Inclusion Resources

Racial and intersectional inequality, and under-representation of people of colour in Disabled People’s Organisations


‘You can’t get rid of one oppression without getting rid of all of them’

‘You can’t get rid of one oppression without getting rid of all of them’

This toolkit includes visual  minutes from a series of discussion groups in 2021 by ALLFIE’s Disabled Black Lives Matter pressure group.

Contents

  1. Key concepts
  2. Key questions
  3. Key ideas for change

1. Key concepts

Racism

Oppression, injustice, inequality, abuse, violence against people who share characteristics, because of: skin colour, cultural backgrounds, faith or life style, though definitions are blurry and politically contested.

Disablism

Oppression against disabled people. Disability is often used to indicate a broken, flawed body or mind, though many disabled people assert a social model of disability that identifies social barriers as disabling, not their impairments or medically defined conditions.

Oppression

Discrimination or inequality resulting from different treatment or responses. This can be big and small, fatal and limiting, structural and interactional. Creates exclusion, negative outcomes and prevents individuals and groups from social participation.

White privilege

Having greater access to power and resources than black people in the same situation.

Micro-aggression

Forms of violence and oppression occurring in the everyday towards someone on the basis of their identity or other characteristics. Includes, Micro-assault: explicit discriminatory actions; Microinsult: demeaning a person’s identity, often subtly and unknown by the perpetrator; Micro-invalidation: dismissing the feelings, or experiences of a person belonging to a particular group.

Intersectionality

A way of looking at the combination of a persons’ identities that can result in forms of discrimination that cannot be reduced to single issue understanding. The consequence cannot be understood as not racial injustice plus disability discrimination, but rather oppression multiplied, and as something experienced in isolation.

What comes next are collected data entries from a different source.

Lemma runit_tens {a b : Ob} : runit (a ⊗o b) = (idm a ⊗ runit b) ∘ assoc a b I.
Proof.
apply: tensm_unit_inj; apply: (mono_cancel (assoc a b I) (assocI a b I)); first exact: assocK.
rewrite -triangle -tensm_idm !compA; rwc assoc_nat; rwc <- pentagon; rwc <- tensm_compr.
by rewrite triangle; rwc <- assoc_nat; rwc <- tensm_compl.
Qed.
Lemma runit_tens_assocI {a b : Ob} : runit (a ⊗o b) ∘ assocI a b I = idm a ⊗ runit b.
Proof. by rewrite runit_tens -compA assocIK compm1. Qed.

Lemma runit_braid {c : Ob} : runit c ∘ braid I c = lunit c.
Proof.
have E b : lunit c ⊗ idm b = (runit c ∘ braid I c) ⊗ idm b.
  apply: (epi_cancel (assocI I c b ∘ (idm I ⊗ braid b c))
                     ((idm I ⊗ braidI b c) ∘ assoc I c b)).
    by rewrite !compA; rwc <- tensm_compr; rewrite braidIK tensm_idm compm1 assocK.
  transitivity ((idm c ⊗ lunit b) ∘ assoc c I b
                ∘ (assocI c I b ∘ braid (I ⊗o b) c ∘ assocI I b c)).
    rewrite !compA; rwc assocIK; rwc <- braid_nat; rwc lunit_tens_assocI.
    by rwc lunit_tens_assocI; rewrite lunit_nat.
  by rewrite hexagon2 !compA triangle; rwc <- tensm_compl.
by apply: tensm_unit_inj; rewrite E.
Qed.

Lemma braid_tensl {a b c : Ob} :
  braid (a ⊗o b) c
  = assoc c a b ∘ (braid a c ⊗ idm b) ∘ assocI a c b ∘ (idm a ⊗ braid b c) ∘ assoc a b c.
Proof. rwc <- hexagon2; rwc assocIK; by rwc assocK. Qed.

Lemma assoc_braid_mid {x y z w : Ob} :
  assoc (x ⊗o z) y w ∘ (assocI x z y ⊗ idm w) ∘ ((idm x ⊗ braid y z) ⊗ idm w)
  ∘ (assoc x y z ⊗ idm w) ∘ assocI (x ⊗o y) z w
  = assocI x z (y ⊗o w) ∘ (idm x ⊗ assoc z y w) ∘ (idm x ⊗ (braid y z ⊗ idm w))
    ∘ (idm x ⊗ assocI y z w) ∘ assoc x y (z ⊗o w).
Proof. rewrite [(_ ⊗ braid y z) ⊗ _]tensm_assoc !compA; rwc pentagonVr; by rwc pentagonVl. Qed.

Lemma assoc_braid_last {x y z w : Ob} :
  (assocI x w y ⊗ idm z) ∘ ((idm x ⊗ braid y w) ⊗ idm z) ∘ (assoc x y w ⊗ idm z)
  ∘ assocI (x ⊗o y) w z ∘ (idm (x ⊗o y) ⊗ braid z w) ∘ assoc (x ⊗o y) z w
  = assocI (x ⊗o w) y z ∘ assocI x w (y ⊗o z) ∘ (idm x ⊗ assoc w y z)
  ∘ (idm x ⊗ (braid y w ⊗ idm z)) ∘ (idm x ⊗ assocI y w z) ∘ (idm x ⊗ (idm y ⊗ braid z w))
  ∘ (idm x ⊗ assoc y z w) ∘ assoc x (y ⊗o z) w ∘ (assoc x y z ⊗ idm w).
Proof.
rewrite [(_ ⊗ braid y w) ⊗ _]tensm_assoc [idm (x ⊗o y) ⊗ _]idm_tensm_assoc !compA.
rwc pentagonVl; rwc assocIK; rwc <- pentagon; by rwc pentagonV'.
Qed.

Lemma assoc_conj_inner {m x y z W V : Ob} (h : Mor (y ⊗o W) (z ⊗o V)) :
  (assoc m x z ⊗ idm V) ∘ assocI (m ⊗o x) z V ∘ (idm (m ⊗o x) ⊗ h) ∘ assoc (m ⊗o x) y W
  ∘ (assocI m x y ⊗ idm W)
  = assocI m (x ⊗o z) V ∘ (idm m ⊗ assocI x z V) ∘ (idm m ⊗ (idm x ⊗ h))
    ∘ (idm m ⊗ assoc x y W) ∘ assoc m (x ⊗o y) W.
Proof.
have pentagon_out (a b c d : Ob) :
    (assoc a b c ⊗ idm d) ∘ assocI (a ⊗o b) c d ∘ assocI a b (c ⊗o d)
    = assocI a (b ⊗o c) d ∘ (idm a ⊗ assocI b c d).
  by rwcL <- pentagonV; rwcL <- tensm_compl; rewrite assocIK tensm_idm comp1m.
have pentagon_in (a b c d : Ob) :
    assoc a b (c ⊗o d) ∘ assoc (a ⊗o b) c d ∘ (assocI a b c ⊗ idm d)
    = (idm a ⊗ assoc b c d) ∘ assoc a (b ⊗o c) d.
  by rewrite -pentagon; rwc <- tensm_compl; rewrite assocIK tensm_idm compm1.
by rewrite [idm (m ⊗o x) ⊗ h]idm_tensm_assoc !compA; rwc (pentagon_out _ _ _ _); rwc (pentagon_in _ _ _ _).
Qed.
End MonoidalCoherence.
Arguments mono_cancel {C a b c f g} h h'.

Kimberlé Crenshaw suggests three types of intersectionality to understand the experience of oppression:

Structural

– society works to combine and interlock oppressions, so that negative consequences are experienced in multiple ways.

Political

– identities are kept separate and maintained as different within politics.

Representational

– imagery that favours single issues, and maintains negative stereotypes.

 

Interlocking Oppressions

– Histories of oppression interlock and prop each other up. For example, the exploitation of care workers through low pay and the isolation of disabled people are dependent on each other.

2. Key questions.

What are the points of struggle and solidarity?

Power and privilege are gained through the oppression of others. Systems of inequality are interlocked with each other, understanding how these work in context is crucial for resisting them.

How do we understand who is visible and who has the power?

Who is privileged? Who is erased? Whose voice is missing? And how do we enable, share and give power away?

How do we move to achieving social justice for all?

For example, a Black Disabled boy who has an Education, Health and Care plan has a 58% chance of receiving a fixed period exclusion. What does an intersectional approach to making a more inclusive curriculum look like?

3. Key ideas for change

1) Create opportunities for more conversations about race and intersectionality experienced by disabled people to document the specific and represent different experiences of people within the rights movement.

2) Develop practical strategies to tackle the injustices and inequalities arising from the intersectional link of race, gender and other intersectional identities experienced by disabled people

3) Challenge default thinking, combat oppression and microaggression in the everyday life, focusing on inclusion of all people as the goal.